We can only hope competition remains and they don't become some sort of de-facto monopoly where we stop having a choice. Currently we do have a choice.. so they can't get away with most of what they would naturally be inclined to do should they become a full monopoly.

But yes, well said. There is lots of room for abuse there and we as technical people pretty much should call them out on in whenever we can.

EDIT: I agree that Apple sucks but maybe other people in this thread wouldn't want to hear our gripes with them, ha. We can agree and move on perhaps? (I don't want to spam Electrum's issue tracker with this stuff.. as much as I like talking about it)... :)

@cculianu How far are you from submitting a PR to pyinstaller? Even if your PR takes a lot of time to be merged, we could use a custom PyInstaller in our build process, instead of merging #5007

merged. thanks again

@ecdsa We already use a custom pyinstaller in the build process for Electron Cash (one that supports URL events after the app is running) -- it's not hard to do -- as I'm sure you know since you used to do it for Electrum on Windows. :)

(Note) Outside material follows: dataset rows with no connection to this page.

(* Let $G$ be a graph with a type-2A 1-planar drawing $D$, and let $S$ be a vertex-cut of $G$. Then: (i) for any two distinct components $F$ and $F'$ of $G-S$, if $ab\in E(F)$ and $cd$ is an edge with one endvertex in $S$ and the other in $V(F')$, then $ab$ and $cd$ do not cross in $D$; and (ii) any two edges belonging to distinct components of $G-S$ do not cross each other in $D$.
   Context: All drawings are good (no edge crosses itself, two edges cross at most once, adjacent edges do not cross). A drawing is 1-planar if every edge is crossed at most once. If edges $ab$ and $cd$ cross in a 1-planar drawing of $G$, the associated edges of this crossing are the edges of $G[\{a,b,c,d\}]$ other than $ab$ and $cd$. A 1-planar drawing is type-2A if every crossing has at least two associated edges, and every crossing with exactly two associated edges has these two edges disjoint. A vertex-cut is a set $S\subseteq V(G)$ with $G-S$ disconnected. *)

From HB Require Import structures.
From mathcomp Require Import all_boot all_order all_algebra.
From mathcomp Require Import all_classical all_reals all_analysis.
Set Implicit Arguments. Unset Strict Implicit. Unset Printing Implicit Defensive.
Import Order.TTheory GRing.Theory Num.Theory.
Local Open Scope ring_scope.
Import numFieldNormedType.Exports.

Definition simple_graph (T : finType) (adj : rel T) : Prop :=
  symmetric adj /\ irreflexive adj.

Record drawing (R : realType) (T : finType) (adj : rel T) := Drawing {
  vpos : T -> (R * R)%type;
  arc : T -> T -> R -> (R * R)%type;
  vpos_inj : injective vpos;
  arc_rev : forall a b t, arc b a t = arc a b (1 - t);
  arc_start : forall a b, adj a b -> arc a b 0 = vpos a;
  arc_end : forall a b, adj a b -> arc a b 1 = vpos b;
  arc_cont : forall a b, adj a b ->
    ({within `[0%R, 1%R], continuous (arc a b)})%classic;
  arc_simple : forall a b s t, adj a b -> 0 <= s <= 1 -> 0 <= t <= 1 ->
    arc a b s = arc a b t -> s = t;
  arc_avoid : forall a b x t, adj a b -> 0 < t < 1 -> arc a b t <> vpos x
}.

Definition cross_at (R : realType) (T : finType) (adj : rel T)
  (D : drawing R adj) (a b c d : T) (p : (R * R)%type) : Prop :=
  adj a b /\ adj c d /\ [set a; b] != [set c; d] /\
  exists s t, [/\ 0 < s < 1, 0 < t < 1, arc D a b s = p & arc D c d t = p].

Definition cross (R : realType) (T : finType) (adj : rel T)
  (D : drawing R adj) (a b c d : T) : Prop :=
  exists p, cross_at D a b c d p.

(* Good drawing: adjacent edges do not cross, and two edges cross at most
   once (in at most one point).  (No edge crosses itself: arc_simple.) *)
Definition good (R : realType) (T : finType) (adj : rel T)
  (D : drawing R adj) : Prop :=
  (forall a b c d, cross D a b c d ->
     [disjoint [set a; b] & [set c; d]]) /\
  (forall a b c d p q, cross_at D a b c d p -> cross_at D a b c d q -> p = q).

Definition one_planar (R : realType) (T : finType) (adj : rel T)
  (D : drawing R adj) : Prop :=
  forall a b c d e f p q, cross_at D a b c d p -> cross_at D a b e f q ->
    p = q /\ [set c; d] = [set e; f].

Definition is_edge (T : finType) (adj : rel T) (e : {set T}) : bool :=
  [exists x, exists y, (e == [set x; y]) && adj x y].

Definition assoc_edges (T : finType) (adj : rel T) (a b c d : T)
  : {set {set T}} :=
  [set e : {set T} | [&& is_edge adj e, e \subset [set a; b; c; d],
                        e != [set a; b] & e != [set c; d]]].

Definition type2A (R : realType) (T : finType) (adj : rel T)
  (D : drawing R adj) : Prop :=
  good D /\ one_planar D /\
  forall a b c d, cross D a b c d ->
    (2 <= #|assoc_edges adj a b c d|)%N /\
    (#|assoc_edges adj a b c d| = 2%N ->
       forall e1 e2, e1 \in assoc_edges adj a b c d ->
         e2 \in assoc_edges adj a b c d -> e1 != e2 -> [disjoint e1 & e2]).

Definition del_adj (T : finType) (adj : rel T) (S : {set T}) : rel T :=
  fun x y => [&& adj x y, x \notin S & y \notin S].

Definition vertex_cut (T : finType) (adj : rel T) (S : {set T}) : Prop :=
  exists x y, [/\ x \notin S, y \notin S & ~~ connect (del_adj adj S) x y].

From mathcomp Require Import all_boot all_order all_algebra.
From mathcomp Require Import all_classical all_reals all_analysis.

Set Implicit Arguments.
Unset Strict Implicit.
Unset Printing Implicit Defensive.

(* If ab and cd cross, the type-2A condition gives at least two associated
   edges, and in a simple graph every associated edge joins {a, b} to {c, d}.
   Edges of distinct components of G - S have no such joining edge, which
   gives (ii).  In (i), d lies in another component than a and b, so the only
   candidates are ac and bc: both must be present, hence they are exactly the
   two associated edges, yet they share c. *)

Section DeletedGraph.
Variables (T : finType) (adj : rel T) (S : {set T}).
Hypothesis adj_sym : symmetric adj.

Lemma del_adj_sym : symmetric (del_adj adj S).
Proof.
by move=> x y; rewrite /del_adj adj_sym; case: (x \in S) (y \in S) => [] [].
Qed.

Lemma connect_del_adj1 x y :
  x \notin S -> y \notin S -> adj x y -> connect (del_adj adj S) x y.
Proof. by move=> xS yS xy; apply: connect1; rewrite /del_adj xy xS yS. Qed.

Lemma connect_del_adj_edge a b x :
  a \notin S -> b \notin S -> adj a b -> x \in [set a; b] ->
  connect (del_adj adj S) a x.
Proof.
by move=> aS bS ab; rewrite !inE => /orP[]/eqP->; last exact: connect_del_adj1.
Qed.

Lemma connect_del_adj_edgeV a b x :
  a \notin S -> b \notin S -> adj a b -> x \in [set a; b] ->
  connect (del_adj adj S) x a.
Proof.
move=> aS bS ab xab; rewrite (sym_connect_sym del_adj_sym).
exact: connect_del_adj_edge ab xab.
Qed.

End DeletedGraph.

Lemma notin_set2 (U : finType) (S : {set U}) (a b x : U) :
  a \notin S -> b \notin S -> x \in [set a; b] -> x \notin S.
Proof. by move=> aS bS; rewrite !inE => /orP[]/eqP->. Qed.

Lemma set2_eq_of_mem (U : finType) (a b x y : U) :
  x \in [set a; b] -> y \in [set a; b] -> x != y -> [set x; y] = [set a; b].
Proof.
by rewrite !inE => /orP[]/eqP-> /orP[]/eqP->; rewrite ?eqxx // finset.setUC.
Qed.

Lemma subset_set2_card (U : finType) (A : {set U}) (e1 e2 : U) :
  A \subset [set e1; e2] -> (2 <= #|A|)%N ->
  [/\ e1 \in A, e2 \in A, e1 != e2 & #|A| = 2%N].
Proof.
move=> sub cardA.
have card2 : (#|[set e1; e2]| <= 2)%N by rewrite cards2; case: (_ != _).
have eqA : A = [set e1; e2].
  by apply/eqP; rewrite eqEcard sub (leq_trans card2 cardA).
by move: cardA; rewrite eqA cards2 set21 set22; case: (_ != _).
Qed.

Section AssociatedEdges.
Variables (T : finType) (adj : rel T).
Hypothesis adj_simple : simple_graph adj.

Lemma mem_assoc_edges a b c d e :
  e \in assoc_edges adj a b c d ->
  exists x y, [/\ x \in [set a; b], y \in [set c; d], adj x y & e = [set x; y]].
Proof.
have [adj_sym adj_irr] := adj_simple.
rewrite inE => /and4P[/existsP[x /existsP[y /andP[/eqP-> xy]]] sub ne_ab ne_cd].
have side z : z \in [set x; y] -> (z \in [set a; b]) || (z \in [set c; d]).
  by move/(fintype.subsetP sub); rewrite !inE -!orbA.
have xy_neq : x != y by apply: contraTneq xy => ->; rewrite adj_irr.
case/orP: (side x (set21 x y)) => xs; case/orP: (side y (set22 x y)) => ys.
- by rewrite (set2_eq_of_mem xs ys xy_neq) eqxx in ne_ab.
- by exists x, y.
- by exists y, x; rewrite adj_sym (finset.setUC [set x]).
- by rewrite (set2_eq_of_mem xs ys xy_neq) eqxx in ne_cd.
Qed.

Variable S : {set T}.

Lemma assoc_edges_between_components a b c d :
  a \notin S -> b \notin S -> adj a b ->
  c \notin S -> d \notin S -> adj c d ->
  ~~ connect (del_adj adj S) a c -> assoc_edges adj a b c d = finset.set0.
Proof.
have [adj_sym _] := adj_simple.
move=> aS bS ab cS dS cd not_ac; apply/setP => e; rewrite finset.in_set0.
apply/negP => /mem_assoc_edges[x [y [xab ycd xy _]]].
have xS := notin_set2 aS bS xab.
have yS := notin_set2 cS dS ycd.
case/negP: not_ac.
apply: connect_trans (connect_del_adj_edge aS bS ab xab) _.
apply: connect_trans (connect_del_adj1 xS yS xy) _.
exact: connect_del_adj_edgeV ycd.
Qed.

Lemma assoc_edges_cut_vertex a b c d :
  a \notin S -> b \notin S -> adj a b -> d \notin S ->
  ~~ connect (del_adj adj S) a d ->
  assoc_edges adj a b c d \subset [set [set a; c]; [set b; c]].
Proof.
move=> aS bS ab dS not_ad.
apply/fintype.subsetP => e /mem_assoc_edges[x [y [xab ycd xy ->]]].
have xS := notin_set2 aS bS xab.
move: ycd; rewrite !inE => /orP[]/eqP y_eq; subst y.
  by move: xab; rewrite !inE => /orP[]/eqP->; rewrite eqxx ?orbT.
case/negP: not_ad.
exact: connect_trans (connect_del_adj_edge aS bS ab xab)
                     (connect_del_adj1 xS dS xy).
Qed.

End AssociatedEdges.

Theorem lemma7 (R : realType) (T : finType) (adj : rel T) (D : drawing R adj)
  (S : {set T}) :
  simple_graph adj -> type2A D -> vertex_cut adj S ->
  (* (i) ab in component F, cd with c in S and d in a different component F' *)
  (forall a b c d,
     a \notin S -> b \notin S -> adj a b ->
     c \in S -> d \notin S -> adj c d ->
     ~~ connect (del_adj adj S) a d ->
     ~ cross D a b c d)
  /\
  (* (ii) edges of distinct components of G - S do not cross *)
  (forall a b c d,
     a \notin S -> b \notin S -> adj a b ->
     c \notin S -> d \notin S -> adj c d ->
     ~~ connect (del_adj adj S) a c ->
     ~ cross D a b c d).
Proof.
move=> adj_simple [_ [_ type2A_assoc]] _; split.
- move=> a b c d aS bS ab _ dS _ not_ad /type2A_assoc[card_ge2 disj2].
  have sub := assoc_edges_cut_vertex adj_simple c aS bS ab dS not_ad.
  have [acA bcA ac_bc card2] := subset_set2_card sub card_ge2.
  have := disjointFr (disj2 card2 _ _ acA bcA ac_bc) (set22 a c).
  by rewrite set22.
- move=> a b c d aS bS ab cS dS cd not_ac /type2A_assoc[card_ge2 _].
  have no_assoc :=
    assoc_edges_between_components adj_simple aS bS ab cS dS cd not_ac.
  by move: card_ge2; rewrite no_assoc cards0.
Qed.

I am a few days away from that patch as I have some other stuff to finish up.

I see you merged this already -- you can always unmerge or delete it (it's only those small changes) once that's done and you can go that route.

I'm going to submit the patch against 3.5-dev branch though of PyInstaller but I'll also make one against 3.4 as well. We shall see how that goes. I'll let you know!

@ecdsa can you please post a comment in this thread, when you have an Electrum release where all binaries are signed (even the ones from the PyInstaller)?

@marcomasser @ecdsa Hey! I did it! I created the PR for PyInstaller. It is here. https://github.com/pyinstaller/pyinstaller/pull/3991

Feel free to go into the PR conversation and lobby for it. Perhaps the squaky wheel gets more grease..

@ecdsa : Note this is against their 3.5 'develop' branch. I want to also make this for our private use against the current release 3.4 branch, and package it into a .zip (along with my 'AppleEvents' changes that will allow Electrum to open URLs once it's running -- currently it can't do that -- URLs only work if Electrum wasn't running!). So I will be doing this regardless for Electron Cash.. let me know if you are interested and you can use the exact same PyInstaller.zip file in your Electrum project and it can be easily added to the make_osx script... I'll let you know when that's done.